# Starting a Woodworking Business



## joey (Sep 17, 2007)

*#2 Business Plan*

This is the second part of my blog and in this blog I am going to talk about writing a business plan, and past mistake I have made in business.

Now this is the third shop I have started and if I have learned anything it is this, to be successful you need a plan! There it is. Now the first two times I did not write a business plan, I did not write a marketing plan. Really all I did was run into a guy who knew a guy who had a building to rent and the next thing I knew I had a shop and a whole lot of bills to pay that I wasn't sure that I could pay them at first, and the first few mouths where tough they strain our home fiancé but we worked thru it and started to make money.
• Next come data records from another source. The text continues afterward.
Lemma LimInf_seq_perturb (x y : nat -> R) (e : R) :
  (forall n, Rabs (y n) <= e) ->
  Rbar_close e (LimInf_seq x) (LimInf_seq (fun n => x n + y n)).
Proof.
  intros y_small.
  assert (opp_LimSup : forall u, LimInf_seq u = Rbar_opp (LimSup_seq (fun n => - u n))).
  { intros u. now rewrite LimSup_seq_opp, Rbar_opp_involutive. }
  rewrite !opp_LimSup.
  replace (fun n => - (x n + y n)) with (fun n => - x n + - y n)
    by (apply functional_extensionality; intros; ring).
  apply Rbar_close_opp, LimSup_seq_perturb. intros n. now rewrite Rabs_Ropp.
Qed.

Lemma real_Lim_seq_perturb (x y : nat -> R) (e : R) :
  (forall n, Rabs (y n) <= e) ->
  Rabs (real (Lim_seq (fun n => x n + y n)) - real (Lim_seq x)) <= e.
Proof.
  intros y_small.
  assert (e_ge0 : 0 <= e) by (eapply Rle_trans; [apply Rabs_pos | apply (y_small 0%nat)]).
  pose proof (LimSup_seq_perturb x y e y_small) as Hsup.
  pose proof (LimInf_seq_perturb x y e y_small) as Hinf.
  unfold Lim_seq.
  destruct (LimSup_seq x), (LimSup_seq (fun n => x n + y n)),
    (LimInf_seq x), (LimInf_seq (fun n => x n + y n));
    simpl in *; try contradiction; rewrite ?Rminus_0_r, ?Rminus_diag, ?Rabs_R0; auto.
  apply Rabs_le_between in Hsup, Hinf. apply Rabs_le_between. lra.
Qed.

Lemma pairing_perturb {d : nat} (u a b : Zd d -> C) (e : R) :
  (forall K, Cmod (Cminus (box_sum u b K) (box_sum a b K)) <= e) ->
  Cmod (Cminus (pairing u b) (pairing a b)) <= sqrt 2 * e.
Proof.
  intros Hclose.
  assert (parts : forall K,
      Rabs (fst (box_sum u b K) - fst (box_sum a b K)) <= e /\
      Rabs (snd (box_sum u b K) - snd (box_sum a b K)) <= e).
  { intros K. pose proof (Rmax_Cmod (Cminus (box_sum u b K) (box_sum a b K))) as Hmax.
    specialize (Hclose K). simpl in Hmax.
    split; (eapply Rle_trans; [| exact Hclose]); (eapply Rle_trans; [| exact Hmax]);
      [apply Rmax_l | apply Rmax_r]. }
  assert (perturb : forall p : C -> R,
      (forall K, Rabs (p (box_sum u b K) - p (box_sum a b K)) <= e) ->
      Rabs (real (Lim_seq (fun K => p (box_sum u b K)))
            - real (Lim_seq (fun K => p (box_sum a b K)))) <= e).
  { intros p Hp.
    rewrite (Lim_seq_ext (fun K => p (box_sum u b K))
               (fun K => p (box_sum a b K) + (p (box_sum u b K) - p (box_sum a b K))))
      by (intros; ring).
    now apply real_Lim_seq_perturb. }
  eapply Rle_trans; [apply Cmod_2Rmax|]. apply Rmult_le_compat_l; [apply sqrt_pos|].
  apply Rmax_lub; simpl; apply perturb; intros K; apply parts.
Qed.

Definition rsum {A} (f : A -> R) (l : list A) : R := List.fold_right Rplus 0 (List.map f l).

Lemma rsum_le {A} (f h : A -> R) l : (forall x, f x <= h x) -> rsum f l <= rsum h l.
Proof. intros H; induction l; unfold rsum in *; simpl; [lra|]. specialize (H a). lra. Qed.

Lemma rsum_app {A} (f : A -> R) l1 l2 : rsum f (l1 ++ l2) = rsum f l1 + rsum f l2.
Proof. induction l1; unfold rsum in *; simpl; [ring|]. rewrite IHl1. ring. Qed.

Lemma rsum_scal {A} (f : A -> R) c l : rsum (fun x => c * f x) l = c * rsum f l.
Proof. induction l; unfold rsum in *; simpl; [ring|]. rewrite IHl. ring. Qed.

Lemma rsum_map {A B} (f : B -> R) (h : A -> B) l :
  rsum f (List.map h l) = rsum (fun x => f (h x)) l.
Proof. unfold rsum. now rewrite List.map_map. Qed.

Lemma rsum_flat_map {A B} (f : B -> R) (h : A -> list B) l :
  rsum f (List.flat_map h l) = rsum (fun z => rsum f (h z)) l.
Proof. induction l; simpl; [reflexivity|]. now rewrite rsum_app, IHl. Qed.

Lemma rsum_telescope (psi : nat -> R) m n :
  rsum (fun j => psi (S j) - psi j) (List.seq m n) = psi (m + n)%nat - psi m.
Proof.
  revert m; induction n; intros m; unfold rsum in *; simpl.
  - rewrite Nat.add_0_r. ring.
  - rewrite IHn. replace (S m + n)%nat with (m + S n)%nat by lia. ring.
Qed.

Lemma Cmod_fold_Cplus_le {A} (f : A -> C) l :
  Cmod (List.fold_right Cplus (RtoC 0) (List.map f l)) <= rsum (fun x => Cmod (f x)) l.
Proof.
  induction l; unfold rsum in *; simpl.
  - rewrite Cmod_0. lra.
  - eapply Rle_trans; [apply Cmod_triangle|]. lra.
Qed.

Lemma fold_Cplus_minus {A} (f h : A -> C) l :
  Cminus (List.fold_right Cplus (RtoC 0) (List.map f l))
         (List.fold_right Cplus (RtoC 0) (List.map h l))
  = List.fold_right Cplus (RtoC 0) (List.map (fun x => Cminus (f x) (h x)) l).
Proof. induction l; simpl; [ring|]. rewrite <- IHl. ring. Qed.

Definition weight1 (r : R) : R := / ((1 + Rabs r) * (2 + Rabs r)).

(* Primitive of [weight1] on the integers: its increments dominate [weight1]
   and it is bounded by 1, so [weight1] sums to at most 2 over any interval. *)
Definition weight1_primitive (r : R) : R := r / (1 + Rabs r).

Lemma weight1_pos r : 0 < weight1 r.
Proof. unfold weight1. pose proof (Rabs_pos r). apply Rinv_0_lt_compat. nra. Qed.

Lemma weight1_le_half r : weight1 r <= 1 / 2.
Proof.
  unfold weight1. pose proof (Rabs_pos r).
  rewrite Rdiv_1_l. apply Rinv_le_contravar; nra.
Qed.

Lemma weight1_inv_le r : 1 <= 2 * (1 + Rabs r) ^ 2 * weight1 r.
Proof.
  unfold weight1. pose proof (Rabs_pos r).
  apply Rmult_le_reg_r with ((1 + Rabs r) * (2 + Rabs r)); [nra|].
  rewrite Rmult_assoc, Rinv_l by nra. nra.
Qed.

Lemma weight1_le_increment (z : Z) :
  weight1 (IZR z) <= weight1_primitive (IZR (z + 1)) - weight1_primitive (IZR z).
Proof.
  unfold weight1, weight1_primitive. rewrite plus_IZR.
  destruct (Z_le_gt_dec 0 z) as [Hz|Hz].
  - apply IZR_le in Hz. rewrite !Rabs_pos_eq by lra. apply Req_le. field. lra.
  - assert (Hz' : IZR z <= -1) by (apply IZR_le; lia).
    rewrite Rabs_left by lra.
    destruct (Req_dec (IZR z) (-1)) as [E|E].
    + rewrite E. replace (-1 + 1) with 0 by ring. rewrite Rabs_R0.
      replace (/ ((1 + - -1) * (2 + - -1))) with (/ 6) by field.
      replace (0 / (1 + 0) - -1 / (1 + - -1)) with (/ 2) by field. lra.
    + rewrite Rabs_left by lra. set (t := IZR z) in *.
      apply Rle_trans with (/ ((- t) * (1 - t))).
      * apply Rinv_le_contravar; nra.
      * apply Req_le. field. lra.
Qed.

Lemma Rabs_weight1_primitive_le r : Rabs (weight1_primitive r) <= 1.
Proof.
  unfold weight1_primitive. pose proof (Rabs_pos r).
  rewrite Rabs_div, (Rabs_pos_eq (1 + Rabs r)) by lra.
  apply Rmult_le_reg_r with (1 + Rabs r); [lra|].
  unfold Rdiv. rewrite Rmult_assoc, Rinv_l by lra. lra.
Qed.

Lemma rsum_weight1_zrange K : rsum (fun z => weight1 (IZR z)) (zrange K) <= 2.
Proof.
  unfold zrange. rewrite rsum_map.
  set (psi := fun j : nat => weight1_primitive (IZR (Z.of_nat j - Z.of_nat K))).
  apply Rle_trans with (rsum (fun j => psi (S j) - psi j) (List.seq 0 (2 * K + 1))).
  - apply rsum_le. intros j. unfold psi. rewrite Nat2Z.inj_succ.
    replace (Z.succ (Z.of_nat j) - Z.of_nat K)%Z with ((Z.of_nat j - Z.of_nat K) + 1)%Z by lia.
    apply weight1_le_increment.
  - rewrite rsum_telescope. unfold psi.
    pose proof (Rabs_weight1_primitive_le (IZR (Z.of_nat (0 + (2 * K + 1)) - Z.of_nat K))) as H1.
    pose proof (Rabs_weight1_primitive_le (IZR (Z.of_nat 0 - Z.of_nat K))) as H0.
    apply Rabs_le_between in H0, H1. lra.
Qed.

Definition weight {d : nat} (n : Zd d) : R :=
  Vector.fold_right (fun z acc => weight1 (IZR z) * acc) n 1.

Lemma weight_cons {d} z (v : Zd d) : weight (Vector.cons Z z d v) = weight1 (IZR z) * weight v.
Proof. reflexivity. Qed.

Lemma norm1_cons {d} z (v : Zd d) : norm1 (Vector.cons Z z d v) = (Z.abs z + norm1 v)%Z.
Proof. reflexivity. Qed.

Lemma weight_pos {d} (n : Zd d) : 0 < weight n.
Proof.
  induction n as [|h d0 n IHn]; [cbv; lra|].
  rewrite weight_cons. pose proof (weight1_pos (IZR h)). nra.
Qed.

Lemma weight_le1 {d} (n : Zd d) : weight n <= 1.
Proof.
  induction n as [|h d0 n IHn]; [cbv; lra|]. rewrite weight_cons.
  pose proof (weight1_pos (IZR h)). pose proof (weight1_le_half (IZR h)).
  pose proof (weight_pos n). nra.
Qed.

Lemma norm1_ge0 {d} (n : Zd d) : 0 <= IZR (norm1 n).
Proof.
  induction n as [|h d0 n IHn]; [cbv; lra|].
  rewrite norm1_cons, plus_IZR, abs_IZR. pose proof (Rabs_pos (IZR h)). lra.
Qed.

Lemma weight_inv_le {d} (n : Zd d) : 1 <= 2 ^ d * (1 + IZR (norm1 n)) ^ (2 * d) * weight n.
Proof.
  induction n as [|h d' v IH]; [cbv; lra|].
  rewrite weight_cons, norm1_cons, plus_IZR, abs_IZR.
  set (a := Rabs (IZR h)) in *. set (N := IZR (norm1 v)) in *.
  assert (a_ge0 : 0 <= a) by apply Rabs_pos.
  assert (N_ge0 : 0 <= N) by apply norm1_ge0.
  assert (head : 1 <= 2 * (1 + (a + N)) ^ 2 * weight1 (IZR h)).
  { eapply Rle_trans; [apply (weight1_inv_le (IZR h))|]. fold a.
    apply Rmult_le_compat_r; [left; apply weight1_pos|].
    apply Rmult_le_compat_l; [lra|]. apply pow_incr. lra. }
  assert (tail : 1 <= 2 ^ d' * (1 + (a + N)) ^ (2 * d') * weight v).
  { eapply Rle_trans; [exact IH|]. apply Rmult_le_compat_r; [left; apply weight_pos|].
    apply Rmult_le_compat_l; [apply pow_le; lra|]. apply pow_incr. lra. }
  replace (2 * S d')%nat with (2 + 2 * d')%nat by lia.
  rewrite pow_add. simpl (2 ^ S d').
  replace (2 * 2 ^ d' * ((1 + (a + N)) ^ 2 * (1 + (a + N)) ^ (2 * d'))
             * (weight1 (IZR h) * weight v))
    with ((2 * (1 + (a + N)) ^ 2 * weight1 (IZR h))
            * (2 ^ d' * (1 + (a + N)) ^ (2 * d') * weight v)) by ring.
  nra.
Qed.

Lemma rsum_weight_box K d : rsum weight (box K d) <= 2 ^ d.
Proof.
  induction d as [|d IHd]; simpl.
  - cbv; lra.
  - rewrite rsum_flat_map.
    apply Rle_trans with (rsum (fun z => 2 ^ d * weight1 (IZR z)) (zrange K)).
    + apply rsum_le. intros z. rewrite rsum_map.
      change (rsum (fun v => weight1 (IZR z) * weight v) (box K d) <= 2 ^ d * weight1 (IZR z)).
      rewrite rsum_scal, Rmult_comm.
      apply Rmult_le_compat_r; [left; apply weight1_pos | exact IHd].
    + rewrite rsum_scal, Rmult_comm. apply Rmult_le_compat_r; [apply pow_le; lra|].
      apply rsum_weight1_zrange.
Qed.

Lemma in_s_list_bounded {d} (bs : list (Zd d -> C)) :
  (forall b, List.In b bs -> in_s b) ->
  exists B, 0 < B /\ forall b, List.In b bs -> forall n, Cmod (b n) <= B.
Proof.
  induction bs as [|b0 bs IH]; intros Hs.
  - exists 1. split; [lra | intros b []].
  - destruct IH as [B [B_pos HB]]; [intros b Hb; apply Hs; now right|].
    destruct (Hs b0 (or_introl eq_refl) 0%nat) as [B0 HB0].
    exists (Rmax B B0). split; [eapply Rlt_le_trans; [exact B_pos | apply Rmax_l]|].
    intros b [<-|Hb] n.
    + eapply Rle_trans; [| apply Rmax_r]. specialize (HB0 n). simpl in HB0. lra.
    + eapply Rle_trans; [apply HB; exact Hb | apply Rmax_l].
Qed.

Section LiftAwayFromZero.
Variables (d : nat) (del : R).
Hypothesis del_pos : 0 < del.

Definition lift (f : Zd d -> C) (n : Zd d) : C :=
  if Rlt_dec (Cmod (f n)) (del * weight n) then RtoC (2 * del * weight n) else f n.

Lemma Cmod_lift_sub_le f n : Cmod (Cminus (lift f n) (f n)) <= 3 * del * weight n.
Proof.
  unfold lift. pose proof (weight_pos n). destruct (Rlt_dec _ _).
  - unfold Cminus. eapply Rle_trans; [apply Cmod_triangle|].
    rewrite Cmod_R, Cmod_opp, Rabs_pos_eq by nra. lra.
  - unfold Cminus. rewrite Cplus_opp_r, Cmod_0. nra.
Qed.

Lemma Cmod_lift_ge f n : del * weight n <= Cmod (lift f n).
Proof.
  unfold lift. pose proof (weight_pos n). destruct (Rlt_dec _ _).
  - rewrite Cmod_R, Rabs_pos_eq by nra. nra.
  - lra.
Qed.

Lemma lift_neq0 f n : lift f n <> RtoC 0.
Proof.
  pose proof (weight_pos n). pose proof (Cmod_lift_ge f n) as Hge.
  intros E. rewrite E, Cmod_0 in Hge. nra.
Qed.

Lemma lift_in_sprime f : in_sprime f -> in_sprime (lift f).
Proof.
  intros [M [k [M_pos Hf]]]. exists (M + 2 * del), k. split; [lra|].
  intros n. pose proof (weight_pos n). pose proof (weight_le1 n).
  assert (Hp : 1 <= (1 + IZR (norm1 n)) ^ k) by (apply pow_R1_Rle; pose proof (norm1_ge0 n); lra).
  specialize (Hf n). unfold lift. destruct (Rlt_dec _ _).
  - rewrite Cmod_R, Rabs_pos_eq by nra. nra.
  - nra.
Qed.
Looking back on it thought it was all by the seat of my pants and I was lucky. Most of the time I was in the right place at the right time to find jobs. I didn't have any system to market my work except word of mouth, and what was worst is that I was spending all my being a woodworking and hardly any being a business man, and that is what kills our businesses.

So this time I decided to do thing right. I am writing a business plan, doing marketing research, and writing a marketing plan. Now just a note, plan to me, they are an idea to be follow, but not set in stone, because in a small business one needs to be flexible.
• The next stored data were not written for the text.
(* Consider the system \[ \begin{aligned} \dot S_h(t)&=\beta_h-C_{vh}\frac{I_v(t)}{N_v(t)}S_h(t)-\mu_hS_h(t),\\ \dot I_h(t)&=C_{vh}\frac{I_v(t-\tau)}{N_v(t-\tau)}S_h(t-\tau)-\mu_hI_h(t),\\ \dot S_v(t)&=\beta_v-C_{hv}I_h(t)S_v(t)-\mu_vS_v(t),\\ \dot I_v(t)&=C_{hv}I_h(t)S_v(t)-\mu_vI_v(t), \end{aligned} \] with $N_v=S_v+I_v$ and positive parameters $\beta_h,\beta_v,\mu_h,\mu_v,C_{vh},C_{hv}$. Let $R_0=\sqrt{C_{vh}C_{hv}\beta_h/(\mu_h^2\mu_v)}$. If $R_0>1$, then for any $\tau\ge0$ the unique endemic equilibrium $E^*$ (the unique equilibrium with all components positive) is globally asymptotically stable in $D$.
   Context: $C_+=\{\varphi\in C([-\tau,0],\mathbb{R}_+^4):\varphi_3(\theta)+\varphi_4(\theta)>0\ \forall\theta\in[-\tau,0]\}$ with the sup-norm, and $D=\{\varphi\in C_+:\varphi_2(0)>0\}$. Globally asymptotically stable in $D$ means $E^*$ is locally (Lyapunov) stable and every solution with initial function in $D$ converges to $E^*$. *)

From Stdlib Require Import Reals.
From Coquelicot Require Import Coquelicot.
Open Scope R_scope.

Definition f_Sh (bh Cvh muh : R) (Sh Sv Iv : R) : R :=
  bh - Cvh * (Iv / (Sv + Iv)) * Sh - muh * Sh.
Definition f_Ih (Cvh muh : R) (Sh_d Sv_d Iv_d Ih : R) : R :=
  Cvh * (Iv_d / (Sv_d + Iv_d)) * Sh_d - muh * Ih.
Definition f_Sv (bv Chv muv : R) (Ih Sv : R) : R :=
  bv - Chv * Ih * Sv - muv * Sv.
Definition f_Iv (Chv muv : R) (Ih Sv Iv : R) : R :=
  Chv * Ih * Sv - muv * Iv.

Definition cont_on (a b : R) (f : R -> R) : Prop :=
  forall t, a <= t <= b ->
    filterlim f (within (fun s => a <= s <= b) (locally t)) (locally (f t)).

Definition init_in_D (tau : R) (Sh Ih Sv Iv : R -> R) : Prop :=
  cont_on (- tau) 0 Sh /\ cont_on (- tau) 0 Ih /\
  cont_on (- tau) 0 Sv /\ cont_on (- tau) 0 Iv /\
  (forall t, - tau <= t <= 0 ->
     0 <= Sh t /\ 0 <= Ih t /\ 0 <= Sv t /\ 0 <= Iv t /\ 0 < Sv t + Iv t) /\
  0 < Ih 0.

(* A solution on [-tau, +oo): continuous from the right at 0 and satisfying
   the delay system for every t > 0 (values on [-tau,0] are the initial data). *)
Definition is_solution (bh bv muh muv Cvh Chv tau : R)
    (Sh Ih Sv Iv : R -> R) : Prop :=
  filterlim Sh (at_right 0) (locally (Sh 0)) /\
  filterlim Ih (at_right 0) (locally (Ih 0)) /\
  filterlim Sv (at_right 0) (locally (Sv 0)) /\
  filterlim Iv (at_right 0) (locally (Iv 0)) /\
  forall t, 0 < t ->
    is_derive Sh t (f_Sh bh Cvh muh (Sh t) (Sv t) (Iv t)) /\
    is_derive Ih t (f_Ih Cvh muh (Sh (t - tau)) (Sv (t - tau)) (Iv (t - tau)) (Ih t)) /\
    is_derive Sv t (f_Sv bv Chv muv (Ih t) (Sv t)) /\
    is_derive Iv t (f_Iv Chv muv (Ih t) (Sv t) (Iv t)).

Definition is_equilibrium (bh bv muh muv Cvh Chv : R) (Sh Ih Sv Iv : R) : Prop :=
  f_Sh bh Cvh muh Sh Sv Iv = 0 /\ f_Ih Cvh muh Sh Sv Iv Ih = 0 /\
  f_Sv bv Chv muv Ih Sv = 0 /\ f_Iv Chv muv Ih Sv Iv = 0.

Definition repro_number (bh muh muv Cvh Chv : R) : R :=
  sqrt (Cvh * Chv * bh / (muh ^ 2 * muv)).

From Stdlib Require Import Reals Lra ZArith Classical.
From Coquelicot Require Import Coquelicot.
Open Scope R_scope.

(* Write [u = Iv / Nv] for the infected fraction of vectors and
   [E* = (xs, ys, (1 - us) bv / muv, us bv / muv)].  The total vector population solves
   [Nv' = bv - muv Nv], so it relaxes exponentially to [bv / muv], and [(Sh, Ih, u)] solves
   a closed delay system in which the vector death rate [muv] is replaced by [bv / Nv],
   an exponentially small perturbation of [muv].  With [g z = z - 1 - ln z],
   [beta = muh ys] and [k = beta / (muv us)], the functional
     [V = xs g (Sh / xs) + ys g (Ih / ys) + k us g (u / us)
          + beta int_(t - tau)^t g (Sh u / (xs us))]
   decreases along this system up to an error [O (exp (- muv t))], which is absorbed by
   adding a multiple of [exp (- muv t)].  The dissipation rate controls [(Sh - xs)^2],
   [(u - us)^2] and [(Ih / ys - u / us)^2], so Barbalat's lemma gives convergence, while
   the functional is [O (delta)] for initial data [delta]-close to [E*], which gives
   stability. *)

Lemma Rle_Rmin_iff (r a b : R) : r <= Rmin a b <-> r <= a /\ r <= b.
Proof.
  split.
  - intros H. split; (eapply Rle_trans; [exact H|]); [apply Rmin_l | apply Rmin_r].
  - intros [Ha Hb]. now apply Rmin_glb.
Qed.

Lemma Rabs_lt_of_sq_lt (a eps : R) : 0 < eps -> a ^ 2 < eps ^ 2 -> Rabs a < eps.
Proof.
  intros Heps H. rewrite <- (Rabs_pos_eq eps) by lra.
  apply Rsqr_lt_abs_0. now rewrite !Rsqr_pow2.
Qed.

Lemma Rabs_double_mul_le (a b A B : R) : Rabs a <= A -> Rabs b <= B ->
  Rabs (2 * a * b) <= 2 * A * B.
Proof.
  intros Ha Hb. rewrite !Rabs_mult, (Rabs_pos_eq 2) by lra.
  pose proof (Rabs_pos a). pose proof (Rabs_pos b).
  apply Rmult_le_compat; nra.
Qed.

Lemma Rabs_sub_div_le (a b c d A B : R) : 0 < c -> 0 < d -> Rabs a <= A -> Rabs b <= B ->
  Rabs (a / c - b / d) <= A / c + B / d.
Proof.
  intros Hc Hd Ha Hb. unfold Rminus. eapply Rle_trans; [apply Rabs_triang|].
  rewrite Rabs_Ropp. unfold Rdiv. rewrite !Rabs_mult, !(Rabs_pos_eq (/ _))
    by (left; apply Rinv_0_lt_compat; assumption).
  apply Rplus_le_compat; apply Rmult_le_compat_r;
    try (left; apply Rinv_0_lt_compat); assumption.
Qed.

Lemma Rabs_Rmax_sub_le (a y s : R) : Rabs (Rmax y a - Rmax s a) <= Rabs (y - s).
Proof.
  pose proof (Rle_abs (y - s)). pose proof (Rle_abs (s - y)).
  rewrite (Rabs_minus_sym s y) in *.
  unfold Rmax. destruct (Rle_dec y a), (Rle_dec s a); apply Rabs_le; lra.
Qed.

Lemma continuity_pt_of_abs (f : R -> R) (x : R) :
  (forall eps, 0 < eps -> exists d, 0 < d /\
     forall y, Rabs (y - x) < d -> Rabs (f y - f x) < eps) ->
  continuity_pt f x.
Proof.
  intros H eps Heps. destruct (H eps Heps) as [d [Hd Hf]].
  exists d. split; [exact Hd|]. intros y [_ Hy]. exact (Hf y Hy).
Qed.

Lemma continuity_pt_abs (f : R -> R) (x : R) : continuity_pt f x ->
  forall eps, 0 < eps -> exists d, 0 < d /\
     forall y, Rabs (y - x) < d -> Rabs (f y - f x) < eps.
Proof.
  intros H eps Heps. destruct (H eps Heps) as [d [Hd Hf]].
  exists d. split; [exact Hd|]. intros y Hy.
  destruct (Req_dec x y) as [<-|Hne].
  - unfold Rminus. rewrite Rplus_opp_r, Rabs_R0. exact Heps.
  - apply (Hf y). split; [split; [exact I | exact Hne] | exact Hy].
Qed.

Lemma continuity_pt_cst (c x : R) : continuity_pt (fun _ => c) x.
Proof. apply continuity_pt_const. intros ? ?. reflexivity. Qed.

Lemma is_derive_continuity_pt (f : R -> R) (x l : R) :
  is_derive f x l -> continuity_pt f x.
Proof.
  intros H. apply derivable_continuous_pt. exists l. now apply is_derive_Reals.
Qed.

Lemma continuity_pt_exp_lin (a x : R) : continuity_pt (fun r => exp (a * r)) x.
Proof.
  apply (is_derive_continuity_pt _ _ (a * exp (a * x))). auto_derive; [exact I | ring].
Qed.

(* [auto_derive] produces [Derive] of the eta-expanded function. *)
Lemma Derive_eta_unique (f : R -> R) (x l : R) :
  is_derive f x l -> Derive (fun y : R => f y) x = l.
Proof. apply is_derive_unique. Qed.

Lemma is_derive_sq_sub (f : R -> R) (c t df : R) : is_derive f t df ->
  is_derive (fun s => (f s - c) ^ 2) t (2 * (f t - c) * df).
Proof.
  intros H. auto_derive; [exists df; exact H|].
  rewrite (Derive_eta_unique _ _ _ H). ring.
Qed.

Lemma is_derive_div_const (f : R -> R) (c t df : R) : is_derive f t df ->
  is_derive (fun s => f s / c) t (df / c).
Proof.
  intros H. apply (is_derive_ext (fun s => / c * f s)); [intros s; apply Rmult_comm|].
  replace (df / c) with (/ c * df) by (unfold Rdiv; ring). now apply is_derive_scal.
Qed.

Lemma mean_value (f df : R -> R) (p q : R) : p < q ->
  (forall x, p <= x <= q -> continuity_pt f x) ->
  (forall x, p < x < q -> is_derive f x (df x)) ->
  exists c, p < c < q /\ f q - f p = df c * (q - p).
Proof.
  intros Hpq Hc Hd.
  assert (Hf : forall c, p < c < q -> derivable_pt f c).
  { intros c Hc'. exists (df c). now apply is_derive_Reals, Hd. }
  destruct (MVT f id p q Hf (fun c _ => derivable_pt_id c) Hpq Hc
              (fun c _ => derivable_continuous_pt _ _ (derivable_pt_id c))) as [c [Hcpq Hmvt]].
  exists c. split; [exact Hcpq|].
  rewrite (derive_pt_eq_0 f c (df c) (Hf c Hcpq)) in Hmvt
    by (apply is_derive_Reals, Hd, Hcpq).
  rewrite (derive_pt_eq_0 id c 1 (derivable_pt_id c)) in Hmvt
    by apply derivable_pt_lim_id.
  unfold id in Hmvt. lra.
Qed.

Lemma le_of_derive_ge0 (f df : R -> R) (p q : R) : p <= q ->
  (forall x, p <= x <= q -> continuity_pt f x) ->
  (forall x, p < x < q -> is_derive f x (df x)) ->
  (forall x, p < x < q -> 0 <= df x) -> f p <= f q.
Proof.
  intros Hpq Hc Hd Hpos. destruct (Req_dec p q) as [<-|Hne]; [lra|].
  destruct (mean_value f df p q) as [c [Hc1 Hc2]]; auto; [lra|].
  specialize (Hpos c Hc1). nra.
Qed.

Lemma lt_of_derive_gt0 (f df : R -> R) (p q : R) : p < q ->
  (forall x, p <= x <= q -> continuity_pt f x) ->
  (forall x, p < x < q -> is_derive f x (df x)) ->
  (forall x, p < x < q -> 0 < df x) -> f p < f q.
Proof.
  intros Hpq Hc Hd Hpos.
  destruct (mean_value f df p q) as [c [Hc1 Hc2]]; auto.
  specialize (Hpos c Hc1). nra.
Qed.

Lemma ge_of_derive_le0 (f df : R -> R) (p q : R) : p <= q ->
  (forall x, p <= x <= q -> continuity_pt f x) ->
  (forall x, p < x < q -> is_derive f x (df x)) ->
  (forall x, p < x < q -> df x <= 0) -> f q <= f p.
Proof.
  intros Hpq Hc Hd Hneg.
  apply (le_of_derive_ge0 (fun x => - f x) (fun x => - df x) p q) in Hpq; auto.
  - lra.
  - intros x Hx. apply continuity_pt_opp, Hc, Hx.
  - intros x Hx. apply (is_derive_opp f), Hd, Hx.
  - intros x Hx. specialize (Hneg x Hx). lra.
Qed.

Lemma lipschitz_of_derive_bound (h dh : R -> R) (T0 L : R) :
  (forall t, T0 < t -> is_derive h t (dh t) /\ Rabs (dh t) <= L) ->
  forall s t, T0 < s -> T0 < t -> Rabs (h s - h t) <= L * Rabs (s - t).
Proof.
  intros Hd.
  assert (Hlt : forall s t, T0 < s -> s < t -> Rabs (h s - h t) <= L * Rabs (s - t)).
  { intros s t Hs Hst.
    destruct (mean_value h dh s t Hst) as [c [Hc Hmvt]].
    - intros x Hx. apply (is_derive_continuity_pt _ _ (dh x)), Hd. lra.
    - intros x Hx. apply Hd. lra.
    - rewrite Rabs_minus_sym, Hmvt, Rabs_mult, (Rabs_minus_sym s t).
      apply Rmult_le_compat_r; [apply Rabs_pos | apply Hd; lra]. }
  intros s t Hs Ht. destruct (Rtotal_order s t) as [H|[<-|H]].
  - now apply Hlt.
  - unfold Rminus. rewrite !Rplus_opp_r, Rabs_R0, Rmult_0_r. lra.
  - rewrite Rabs_minus_sym, (Rabs_minus_sym s t). now apply Hlt.
Qed.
Business plan: I had to write a business plan in college, so I vaguely remembered how, so the first thing I did was turn to the computer and looked for resources I could use that where up to date. There was plenty but not a lot dealing with woodworking or the craft business but I did find a few I also found pod cast on small business that have been helpful some touch on relevant information and others don't pertain to businesses that woodworkers would be interested in. other resources I use are magazines like trade magazines, woodshop news, and the craft reports. Now with all this information I have came up with fourteen questions in my business plan. This I am hoping will give me a road map to keep on track and to grow. I am still working on a marketing plan. That I will save for another blog. I would love some input on the questions in my plan and if you have any suggestions. I will also list links to my resources for anyone who wants to check them out.

If you have iTunes go to pod cast section of the iTunes store and check out StartupNation pod cast and the Small Business pod cast both have had some good information. Downloading these pod cast are free. They also have web sites and StartupNation website is a wealth of information. http://www.startupnation.com/

A couple of publication that I mentioned was the craft report http://www.craftsreport.com/ and woodshop news http://www.woodshopnews.com/ME2/Default.asp , both are gear to craft people and woodworkers who make a living at there craft and address a lot of the issues we all have. I also read all of woodworking magazine and have copies going back almost twenty years, while they are a great wealth of woodworking information they don't really address the business of woodworking or crafts. I also subscribe to a couple of online newsletters and they sometimes have helpful information. Well now on to my first draft of my business plan any input will be helpful, because together I know there is no greater pool of knowledge and experience in woodworking that I have come upon than this site and my fellow lumberjocks.

Joey

Business plan

1. Idea for product or service
• 
2. What need will our idea address
• 
3. What business model will suit our needs
• 
4. What makes our product or service different or better?
• 
5. How big is our market?
• 
6. What are our roles in the business and how do we grow?
• 
7. Who is on our team, and who will we need on our team?
• 
8. How will price our product and how will we sell to our customer?
• 
9. How much money will we need to make?
• 
10. How much money will need to start? (6 Months) budget
• 
11. Marketing and selling the product.
• 
12. What do we need get started?
• 
13. How will measure success?
• 
14. What will be our key milestones?
•


----------



## Tikka (May 14, 2007)

joey said:


> *#2 Business Plan*
> 
> This is the second part of my blog and in this blog I am going to talk about writing a business plan, and past mistake I have made in business.
> 
> ...


Quick question if "This is the second part of my blog and in this blog", where is part one posted? I would like to read that part first.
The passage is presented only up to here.